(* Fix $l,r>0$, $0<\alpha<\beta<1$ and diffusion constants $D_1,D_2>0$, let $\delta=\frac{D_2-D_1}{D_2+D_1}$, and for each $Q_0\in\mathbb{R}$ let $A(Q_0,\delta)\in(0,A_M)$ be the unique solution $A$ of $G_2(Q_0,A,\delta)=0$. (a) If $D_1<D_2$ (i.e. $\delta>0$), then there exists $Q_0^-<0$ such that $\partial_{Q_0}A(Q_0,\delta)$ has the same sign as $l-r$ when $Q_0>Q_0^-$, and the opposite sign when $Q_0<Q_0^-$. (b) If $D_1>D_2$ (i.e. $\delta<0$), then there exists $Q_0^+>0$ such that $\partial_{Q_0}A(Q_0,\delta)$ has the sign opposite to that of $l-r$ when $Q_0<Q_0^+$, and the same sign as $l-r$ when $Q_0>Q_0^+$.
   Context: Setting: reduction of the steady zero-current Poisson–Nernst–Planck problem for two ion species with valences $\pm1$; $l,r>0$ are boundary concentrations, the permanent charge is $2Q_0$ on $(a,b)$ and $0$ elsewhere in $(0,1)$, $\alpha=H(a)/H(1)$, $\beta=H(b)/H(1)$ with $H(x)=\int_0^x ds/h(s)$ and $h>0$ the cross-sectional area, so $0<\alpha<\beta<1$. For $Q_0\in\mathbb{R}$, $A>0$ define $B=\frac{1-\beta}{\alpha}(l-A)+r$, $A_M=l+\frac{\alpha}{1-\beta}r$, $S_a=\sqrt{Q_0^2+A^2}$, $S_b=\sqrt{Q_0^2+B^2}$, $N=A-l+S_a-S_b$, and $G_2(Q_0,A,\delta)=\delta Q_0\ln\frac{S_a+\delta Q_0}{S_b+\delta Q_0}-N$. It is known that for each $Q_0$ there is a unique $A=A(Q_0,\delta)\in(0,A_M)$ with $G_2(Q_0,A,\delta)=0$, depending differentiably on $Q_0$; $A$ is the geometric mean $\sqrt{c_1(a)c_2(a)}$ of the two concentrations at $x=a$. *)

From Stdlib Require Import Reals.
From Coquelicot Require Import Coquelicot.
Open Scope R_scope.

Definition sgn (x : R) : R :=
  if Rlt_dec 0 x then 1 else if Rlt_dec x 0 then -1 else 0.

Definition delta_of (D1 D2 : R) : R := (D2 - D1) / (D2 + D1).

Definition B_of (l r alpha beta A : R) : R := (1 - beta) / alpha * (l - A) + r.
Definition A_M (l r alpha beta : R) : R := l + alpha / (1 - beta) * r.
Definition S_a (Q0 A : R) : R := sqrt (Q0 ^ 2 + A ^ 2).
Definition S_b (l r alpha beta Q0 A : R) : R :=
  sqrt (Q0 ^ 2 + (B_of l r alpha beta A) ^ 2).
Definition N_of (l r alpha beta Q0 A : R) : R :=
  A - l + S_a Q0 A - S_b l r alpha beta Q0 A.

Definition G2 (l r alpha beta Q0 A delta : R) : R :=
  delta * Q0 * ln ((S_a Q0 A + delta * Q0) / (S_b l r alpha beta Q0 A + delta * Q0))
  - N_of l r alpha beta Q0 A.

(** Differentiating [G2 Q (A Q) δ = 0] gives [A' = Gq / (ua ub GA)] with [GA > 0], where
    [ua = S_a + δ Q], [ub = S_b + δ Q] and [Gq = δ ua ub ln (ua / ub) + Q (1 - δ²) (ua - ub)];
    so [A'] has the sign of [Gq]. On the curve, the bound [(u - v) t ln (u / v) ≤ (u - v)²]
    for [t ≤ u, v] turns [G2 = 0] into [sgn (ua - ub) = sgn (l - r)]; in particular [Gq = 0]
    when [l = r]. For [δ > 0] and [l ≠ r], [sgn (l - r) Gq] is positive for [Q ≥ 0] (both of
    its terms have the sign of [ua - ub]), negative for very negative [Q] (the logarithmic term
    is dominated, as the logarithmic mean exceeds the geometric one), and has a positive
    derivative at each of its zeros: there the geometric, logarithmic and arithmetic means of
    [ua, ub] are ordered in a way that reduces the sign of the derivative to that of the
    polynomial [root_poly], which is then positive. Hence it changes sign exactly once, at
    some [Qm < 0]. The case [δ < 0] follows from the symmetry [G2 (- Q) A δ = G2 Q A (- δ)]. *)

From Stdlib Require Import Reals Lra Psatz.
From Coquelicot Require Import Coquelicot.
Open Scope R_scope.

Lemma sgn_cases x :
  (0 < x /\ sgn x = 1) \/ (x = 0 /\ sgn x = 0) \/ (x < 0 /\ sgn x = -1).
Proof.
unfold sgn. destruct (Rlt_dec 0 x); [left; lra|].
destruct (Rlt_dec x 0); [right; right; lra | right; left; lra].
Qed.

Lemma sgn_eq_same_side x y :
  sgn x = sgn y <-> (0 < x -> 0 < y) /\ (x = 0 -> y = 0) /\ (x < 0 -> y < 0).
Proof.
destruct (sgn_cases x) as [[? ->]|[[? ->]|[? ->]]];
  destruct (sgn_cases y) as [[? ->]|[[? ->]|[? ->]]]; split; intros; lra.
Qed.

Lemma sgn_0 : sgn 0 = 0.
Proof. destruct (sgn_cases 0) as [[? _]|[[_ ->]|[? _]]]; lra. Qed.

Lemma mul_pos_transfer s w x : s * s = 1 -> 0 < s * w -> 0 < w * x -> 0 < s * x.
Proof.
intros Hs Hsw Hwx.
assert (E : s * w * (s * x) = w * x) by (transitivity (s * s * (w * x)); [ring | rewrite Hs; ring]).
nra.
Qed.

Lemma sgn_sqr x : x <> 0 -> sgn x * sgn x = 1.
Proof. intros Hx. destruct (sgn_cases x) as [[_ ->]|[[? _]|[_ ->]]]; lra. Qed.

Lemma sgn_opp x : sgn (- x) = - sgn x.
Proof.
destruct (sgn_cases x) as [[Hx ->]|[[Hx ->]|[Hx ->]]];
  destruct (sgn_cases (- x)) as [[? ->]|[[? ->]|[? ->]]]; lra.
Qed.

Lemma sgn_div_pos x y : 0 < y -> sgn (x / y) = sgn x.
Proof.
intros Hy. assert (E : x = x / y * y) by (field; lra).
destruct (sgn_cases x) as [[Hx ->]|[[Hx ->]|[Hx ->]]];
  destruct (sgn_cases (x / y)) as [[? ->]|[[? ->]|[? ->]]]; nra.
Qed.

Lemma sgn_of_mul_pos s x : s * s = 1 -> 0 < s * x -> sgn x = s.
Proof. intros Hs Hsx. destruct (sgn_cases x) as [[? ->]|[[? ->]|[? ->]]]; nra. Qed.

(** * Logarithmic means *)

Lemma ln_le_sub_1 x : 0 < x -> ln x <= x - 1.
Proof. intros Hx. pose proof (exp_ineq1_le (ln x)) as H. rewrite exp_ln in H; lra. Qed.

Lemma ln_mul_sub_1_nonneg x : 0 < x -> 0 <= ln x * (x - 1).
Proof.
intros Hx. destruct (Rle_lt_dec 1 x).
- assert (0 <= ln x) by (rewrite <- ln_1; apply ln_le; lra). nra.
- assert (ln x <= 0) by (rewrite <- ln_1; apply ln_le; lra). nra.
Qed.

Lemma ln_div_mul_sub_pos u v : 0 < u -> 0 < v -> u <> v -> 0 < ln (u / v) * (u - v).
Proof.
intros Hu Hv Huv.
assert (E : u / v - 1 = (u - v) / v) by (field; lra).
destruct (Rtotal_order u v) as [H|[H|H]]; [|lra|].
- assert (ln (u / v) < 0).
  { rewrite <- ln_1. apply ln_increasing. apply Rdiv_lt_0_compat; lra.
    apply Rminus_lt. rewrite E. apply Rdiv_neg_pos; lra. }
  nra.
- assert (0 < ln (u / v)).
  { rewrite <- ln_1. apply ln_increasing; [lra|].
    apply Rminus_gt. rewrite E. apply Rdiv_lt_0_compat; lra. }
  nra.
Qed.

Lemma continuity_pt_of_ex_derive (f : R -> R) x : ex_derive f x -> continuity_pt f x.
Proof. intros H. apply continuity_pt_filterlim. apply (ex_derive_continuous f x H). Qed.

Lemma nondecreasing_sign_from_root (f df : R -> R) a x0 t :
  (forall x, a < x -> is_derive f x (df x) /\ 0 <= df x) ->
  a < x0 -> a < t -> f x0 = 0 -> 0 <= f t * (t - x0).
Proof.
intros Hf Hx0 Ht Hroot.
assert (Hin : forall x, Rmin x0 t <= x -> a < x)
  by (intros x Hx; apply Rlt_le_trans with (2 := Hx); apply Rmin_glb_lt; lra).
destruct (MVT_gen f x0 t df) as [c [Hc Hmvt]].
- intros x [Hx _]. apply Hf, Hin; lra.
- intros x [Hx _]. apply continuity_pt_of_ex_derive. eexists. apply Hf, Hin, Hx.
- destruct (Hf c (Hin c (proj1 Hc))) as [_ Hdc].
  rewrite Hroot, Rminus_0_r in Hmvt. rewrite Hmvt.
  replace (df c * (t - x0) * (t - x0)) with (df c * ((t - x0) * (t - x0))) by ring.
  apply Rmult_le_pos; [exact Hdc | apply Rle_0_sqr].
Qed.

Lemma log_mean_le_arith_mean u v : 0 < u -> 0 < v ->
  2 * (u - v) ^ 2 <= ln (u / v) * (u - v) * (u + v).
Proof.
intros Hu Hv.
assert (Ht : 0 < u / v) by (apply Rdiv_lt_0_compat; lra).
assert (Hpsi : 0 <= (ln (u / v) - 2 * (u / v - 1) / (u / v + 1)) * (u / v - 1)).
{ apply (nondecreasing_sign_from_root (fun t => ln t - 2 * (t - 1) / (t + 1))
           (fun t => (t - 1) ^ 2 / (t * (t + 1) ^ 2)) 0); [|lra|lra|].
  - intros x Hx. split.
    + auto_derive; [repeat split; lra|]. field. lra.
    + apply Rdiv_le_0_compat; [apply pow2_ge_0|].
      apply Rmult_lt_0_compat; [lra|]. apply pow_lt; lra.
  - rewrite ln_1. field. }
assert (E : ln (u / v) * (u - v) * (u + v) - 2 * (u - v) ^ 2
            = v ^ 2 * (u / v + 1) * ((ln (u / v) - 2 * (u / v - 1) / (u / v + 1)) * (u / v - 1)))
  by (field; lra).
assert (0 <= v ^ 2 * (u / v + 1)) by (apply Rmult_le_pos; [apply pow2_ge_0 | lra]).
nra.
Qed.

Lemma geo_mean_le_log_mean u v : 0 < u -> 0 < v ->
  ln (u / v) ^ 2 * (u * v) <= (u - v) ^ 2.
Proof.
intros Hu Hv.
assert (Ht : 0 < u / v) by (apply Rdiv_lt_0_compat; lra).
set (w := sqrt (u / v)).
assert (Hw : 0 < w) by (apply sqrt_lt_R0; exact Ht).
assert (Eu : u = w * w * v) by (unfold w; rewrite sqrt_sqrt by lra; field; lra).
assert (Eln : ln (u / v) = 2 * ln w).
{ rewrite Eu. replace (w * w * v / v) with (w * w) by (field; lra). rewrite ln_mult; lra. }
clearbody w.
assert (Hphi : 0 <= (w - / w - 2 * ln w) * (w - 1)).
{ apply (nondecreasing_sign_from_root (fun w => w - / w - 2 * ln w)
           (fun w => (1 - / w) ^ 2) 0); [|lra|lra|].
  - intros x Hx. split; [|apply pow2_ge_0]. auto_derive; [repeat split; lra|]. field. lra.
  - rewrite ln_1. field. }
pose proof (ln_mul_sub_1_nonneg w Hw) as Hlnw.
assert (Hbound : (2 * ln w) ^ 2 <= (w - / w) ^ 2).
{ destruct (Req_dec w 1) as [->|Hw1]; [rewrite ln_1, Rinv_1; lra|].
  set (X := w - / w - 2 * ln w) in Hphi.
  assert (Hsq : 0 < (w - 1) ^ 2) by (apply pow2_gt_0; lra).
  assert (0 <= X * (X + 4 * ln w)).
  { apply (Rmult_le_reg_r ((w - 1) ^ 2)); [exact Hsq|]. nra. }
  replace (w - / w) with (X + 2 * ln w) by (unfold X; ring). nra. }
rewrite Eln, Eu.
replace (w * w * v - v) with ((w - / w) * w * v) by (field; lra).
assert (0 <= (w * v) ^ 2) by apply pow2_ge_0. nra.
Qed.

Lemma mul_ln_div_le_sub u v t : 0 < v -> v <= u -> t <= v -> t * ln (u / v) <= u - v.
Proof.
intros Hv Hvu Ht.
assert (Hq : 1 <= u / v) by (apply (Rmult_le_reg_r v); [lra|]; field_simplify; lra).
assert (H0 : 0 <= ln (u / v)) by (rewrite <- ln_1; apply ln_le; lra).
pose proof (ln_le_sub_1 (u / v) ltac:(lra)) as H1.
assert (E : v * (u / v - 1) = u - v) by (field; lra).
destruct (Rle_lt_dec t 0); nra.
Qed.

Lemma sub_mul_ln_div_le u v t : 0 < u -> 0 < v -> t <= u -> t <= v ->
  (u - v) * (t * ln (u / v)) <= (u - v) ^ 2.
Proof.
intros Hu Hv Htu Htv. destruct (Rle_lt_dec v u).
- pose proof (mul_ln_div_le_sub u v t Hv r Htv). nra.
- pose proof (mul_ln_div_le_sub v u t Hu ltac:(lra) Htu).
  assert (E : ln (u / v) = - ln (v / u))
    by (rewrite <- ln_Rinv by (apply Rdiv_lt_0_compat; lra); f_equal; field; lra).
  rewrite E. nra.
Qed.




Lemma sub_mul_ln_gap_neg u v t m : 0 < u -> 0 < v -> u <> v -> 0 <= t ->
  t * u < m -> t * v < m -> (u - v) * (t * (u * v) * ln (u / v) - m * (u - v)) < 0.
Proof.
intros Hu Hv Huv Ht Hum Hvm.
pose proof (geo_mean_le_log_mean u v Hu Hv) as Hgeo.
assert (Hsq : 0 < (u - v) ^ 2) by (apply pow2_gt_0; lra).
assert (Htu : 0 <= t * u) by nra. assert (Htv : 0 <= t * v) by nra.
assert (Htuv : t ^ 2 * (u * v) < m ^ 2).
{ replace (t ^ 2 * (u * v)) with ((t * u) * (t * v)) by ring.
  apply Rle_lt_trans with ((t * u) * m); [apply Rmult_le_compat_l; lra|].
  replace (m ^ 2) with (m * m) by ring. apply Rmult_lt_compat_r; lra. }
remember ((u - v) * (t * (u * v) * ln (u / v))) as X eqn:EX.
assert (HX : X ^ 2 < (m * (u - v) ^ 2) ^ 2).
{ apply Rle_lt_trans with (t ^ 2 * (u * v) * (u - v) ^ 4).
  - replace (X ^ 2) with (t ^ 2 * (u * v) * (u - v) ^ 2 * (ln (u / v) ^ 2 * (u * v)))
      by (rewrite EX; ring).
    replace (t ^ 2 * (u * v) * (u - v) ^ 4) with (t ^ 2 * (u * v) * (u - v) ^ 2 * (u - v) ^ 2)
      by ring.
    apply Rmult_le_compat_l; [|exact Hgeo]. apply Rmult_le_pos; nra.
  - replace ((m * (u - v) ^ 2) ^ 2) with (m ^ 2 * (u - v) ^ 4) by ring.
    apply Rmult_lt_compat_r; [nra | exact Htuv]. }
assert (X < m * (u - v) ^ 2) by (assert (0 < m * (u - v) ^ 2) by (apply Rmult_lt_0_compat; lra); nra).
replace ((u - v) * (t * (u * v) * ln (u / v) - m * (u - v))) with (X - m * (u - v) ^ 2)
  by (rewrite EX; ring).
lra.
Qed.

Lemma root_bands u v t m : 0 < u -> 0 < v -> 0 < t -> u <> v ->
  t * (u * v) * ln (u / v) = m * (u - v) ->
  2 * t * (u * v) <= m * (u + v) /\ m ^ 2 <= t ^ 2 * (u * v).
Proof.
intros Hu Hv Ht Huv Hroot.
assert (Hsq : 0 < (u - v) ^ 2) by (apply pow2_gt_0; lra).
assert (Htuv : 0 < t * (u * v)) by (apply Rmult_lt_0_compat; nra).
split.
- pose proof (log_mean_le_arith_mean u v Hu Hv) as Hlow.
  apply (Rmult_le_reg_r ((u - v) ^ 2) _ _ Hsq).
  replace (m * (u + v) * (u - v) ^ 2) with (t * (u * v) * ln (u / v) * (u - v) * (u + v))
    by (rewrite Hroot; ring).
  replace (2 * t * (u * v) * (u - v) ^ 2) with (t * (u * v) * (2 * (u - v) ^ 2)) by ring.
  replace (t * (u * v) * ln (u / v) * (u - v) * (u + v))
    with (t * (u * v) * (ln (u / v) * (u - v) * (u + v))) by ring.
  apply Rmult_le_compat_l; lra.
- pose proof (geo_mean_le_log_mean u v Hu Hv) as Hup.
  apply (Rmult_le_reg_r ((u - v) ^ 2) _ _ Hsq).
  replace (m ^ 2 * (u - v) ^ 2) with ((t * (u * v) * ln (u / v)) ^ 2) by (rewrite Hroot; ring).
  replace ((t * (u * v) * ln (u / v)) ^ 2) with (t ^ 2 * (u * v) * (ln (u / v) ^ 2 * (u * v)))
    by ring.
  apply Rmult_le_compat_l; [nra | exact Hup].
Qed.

+++++

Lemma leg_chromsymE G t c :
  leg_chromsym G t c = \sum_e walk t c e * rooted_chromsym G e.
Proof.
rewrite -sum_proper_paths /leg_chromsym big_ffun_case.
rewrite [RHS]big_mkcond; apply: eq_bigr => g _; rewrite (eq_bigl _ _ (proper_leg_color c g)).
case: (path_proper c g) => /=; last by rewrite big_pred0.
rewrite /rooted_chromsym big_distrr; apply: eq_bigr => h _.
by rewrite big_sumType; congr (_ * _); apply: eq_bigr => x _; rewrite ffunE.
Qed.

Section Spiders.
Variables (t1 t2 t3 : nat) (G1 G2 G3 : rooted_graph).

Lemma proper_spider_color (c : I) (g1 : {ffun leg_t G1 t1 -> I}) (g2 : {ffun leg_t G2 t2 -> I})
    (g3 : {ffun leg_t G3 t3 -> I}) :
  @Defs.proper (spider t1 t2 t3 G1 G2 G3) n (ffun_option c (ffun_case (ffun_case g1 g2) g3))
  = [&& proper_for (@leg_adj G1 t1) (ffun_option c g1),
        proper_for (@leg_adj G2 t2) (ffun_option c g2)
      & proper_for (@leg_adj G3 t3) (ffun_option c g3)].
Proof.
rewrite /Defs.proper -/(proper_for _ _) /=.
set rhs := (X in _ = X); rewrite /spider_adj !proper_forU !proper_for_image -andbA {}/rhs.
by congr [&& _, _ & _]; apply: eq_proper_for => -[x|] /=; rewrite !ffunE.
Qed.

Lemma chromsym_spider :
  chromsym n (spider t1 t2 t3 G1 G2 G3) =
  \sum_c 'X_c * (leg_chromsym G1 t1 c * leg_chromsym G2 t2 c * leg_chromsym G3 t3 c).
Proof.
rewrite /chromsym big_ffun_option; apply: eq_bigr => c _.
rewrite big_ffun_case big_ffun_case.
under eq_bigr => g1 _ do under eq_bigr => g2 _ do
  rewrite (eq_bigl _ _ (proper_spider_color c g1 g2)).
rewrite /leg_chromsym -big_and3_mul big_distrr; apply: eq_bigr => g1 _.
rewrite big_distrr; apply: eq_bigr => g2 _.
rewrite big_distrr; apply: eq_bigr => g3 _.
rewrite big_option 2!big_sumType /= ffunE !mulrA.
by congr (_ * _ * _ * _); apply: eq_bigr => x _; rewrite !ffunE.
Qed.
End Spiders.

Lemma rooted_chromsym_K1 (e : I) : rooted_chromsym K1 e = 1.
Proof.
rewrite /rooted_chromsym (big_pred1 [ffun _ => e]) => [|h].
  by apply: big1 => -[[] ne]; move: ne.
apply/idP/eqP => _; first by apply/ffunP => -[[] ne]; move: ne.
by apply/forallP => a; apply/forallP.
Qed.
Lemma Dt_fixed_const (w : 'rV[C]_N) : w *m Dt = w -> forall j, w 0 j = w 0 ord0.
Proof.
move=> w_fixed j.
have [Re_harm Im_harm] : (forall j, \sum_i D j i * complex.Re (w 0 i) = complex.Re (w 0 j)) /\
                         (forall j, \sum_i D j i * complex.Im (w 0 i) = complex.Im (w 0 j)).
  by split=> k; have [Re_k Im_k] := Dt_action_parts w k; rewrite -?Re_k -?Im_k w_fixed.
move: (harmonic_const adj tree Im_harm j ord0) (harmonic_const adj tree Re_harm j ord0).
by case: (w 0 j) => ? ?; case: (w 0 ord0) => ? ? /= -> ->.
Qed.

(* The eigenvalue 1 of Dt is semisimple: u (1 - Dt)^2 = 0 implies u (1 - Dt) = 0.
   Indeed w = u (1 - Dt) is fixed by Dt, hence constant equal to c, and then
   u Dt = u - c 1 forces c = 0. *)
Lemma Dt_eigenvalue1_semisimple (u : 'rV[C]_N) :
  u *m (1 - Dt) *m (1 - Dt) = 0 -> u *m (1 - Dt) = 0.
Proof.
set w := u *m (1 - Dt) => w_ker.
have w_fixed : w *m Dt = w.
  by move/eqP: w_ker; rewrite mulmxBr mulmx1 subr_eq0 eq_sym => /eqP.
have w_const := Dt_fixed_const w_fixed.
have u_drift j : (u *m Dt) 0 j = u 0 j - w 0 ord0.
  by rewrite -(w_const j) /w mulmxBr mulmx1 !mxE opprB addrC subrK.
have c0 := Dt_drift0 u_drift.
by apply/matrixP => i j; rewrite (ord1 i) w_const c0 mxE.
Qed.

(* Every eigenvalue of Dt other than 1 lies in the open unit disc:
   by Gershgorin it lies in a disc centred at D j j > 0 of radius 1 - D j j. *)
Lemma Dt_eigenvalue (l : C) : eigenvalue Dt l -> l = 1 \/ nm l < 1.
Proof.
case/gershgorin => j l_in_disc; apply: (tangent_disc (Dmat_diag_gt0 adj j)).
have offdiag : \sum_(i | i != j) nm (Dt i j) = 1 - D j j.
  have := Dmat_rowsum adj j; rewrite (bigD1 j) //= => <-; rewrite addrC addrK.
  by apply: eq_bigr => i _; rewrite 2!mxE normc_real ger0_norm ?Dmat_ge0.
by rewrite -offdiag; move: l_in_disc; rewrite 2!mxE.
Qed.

+++++

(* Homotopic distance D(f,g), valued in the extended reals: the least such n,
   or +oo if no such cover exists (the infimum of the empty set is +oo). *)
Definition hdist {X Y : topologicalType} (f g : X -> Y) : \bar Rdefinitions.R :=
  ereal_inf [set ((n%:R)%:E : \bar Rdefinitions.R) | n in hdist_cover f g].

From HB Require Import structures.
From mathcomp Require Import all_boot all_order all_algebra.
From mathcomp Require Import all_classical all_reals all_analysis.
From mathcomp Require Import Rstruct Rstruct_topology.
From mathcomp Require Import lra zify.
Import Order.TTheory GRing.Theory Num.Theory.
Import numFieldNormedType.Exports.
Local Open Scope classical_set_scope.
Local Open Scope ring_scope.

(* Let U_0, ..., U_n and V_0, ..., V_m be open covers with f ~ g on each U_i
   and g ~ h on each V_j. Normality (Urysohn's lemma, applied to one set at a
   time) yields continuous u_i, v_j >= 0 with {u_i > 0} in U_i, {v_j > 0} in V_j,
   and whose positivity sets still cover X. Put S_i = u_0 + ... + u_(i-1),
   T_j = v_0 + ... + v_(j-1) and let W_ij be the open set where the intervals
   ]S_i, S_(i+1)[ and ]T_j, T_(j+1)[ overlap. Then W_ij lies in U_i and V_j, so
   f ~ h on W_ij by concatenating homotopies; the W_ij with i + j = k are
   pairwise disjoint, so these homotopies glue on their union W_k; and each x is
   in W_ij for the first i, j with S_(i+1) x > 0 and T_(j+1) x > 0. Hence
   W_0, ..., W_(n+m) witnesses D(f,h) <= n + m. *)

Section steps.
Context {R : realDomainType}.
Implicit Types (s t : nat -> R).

+++++

*Aim of the task*
Repeat exactly the lines above from the one with "Lemma leg_chromsymE G" up to and including the one with "chromsym n (spider". No other line belongs in the reply.

*Response area*
Lemma leg_chromsymE G t c :
  leg_chromsym G t c = \sum_e walk t c e * rooted_chromsym G e.
Proof.
rewrite -sum_proper_paths /leg_chromsym big_ffun_case.
rewrite [RHS]big_mkcond; apply: eq_bigr => g _; rewrite (eq_bigl _ _ (proper_leg_color c g)).
case: (path_proper c g) => /=; last by rewrite big_pred0.
rewrite /rooted_chromsym big_distrr; apply: eq_bigr => h _.
by rewrite big_sumType; congr (_ * _); apply: eq_bigr => x _; rewrite ffunE.
Qed.

Section Spiders.
Variables (t1 t2 t3 : nat) (G1 G2 G3 : rooted_graph).

Lemma proper_spider_color (c : I) (g1 : {ffun leg_t G1 t1 -> I}) (g2 : {ffun leg_t G2 t2 -> I})
    (g3 : {ffun leg_t G3 t3 -> I}) :
  @Defs.proper (spider t1 t2 t3 G1 G2 G3) n (ffun_option c (ffun_case (ffun_case g1 g2) g3))
  = [&& proper_for (@leg_adj G1 t1) (ffun_option c g1),
        proper_for (@leg_adj G2 t2) (ffun_option c g2)
      & proper_for (@leg_adj G3 t3) (ffun_option c g3)].
Proof.
rewrite /Defs.proper -/(proper_for _ _) /=.
set rhs := (X in _ = X); rewrite /spider_adj !proper_forU !proper_for_image -andbA {}/rhs.
by congr [&& _, _ & _]; apply: eq_proper_for => -[x|] /=; rewrite !ffunE.
Qed.

Lemma chromsym_spider :
  chromsym n (spider t1 t2 t3 G1 G2 G3) =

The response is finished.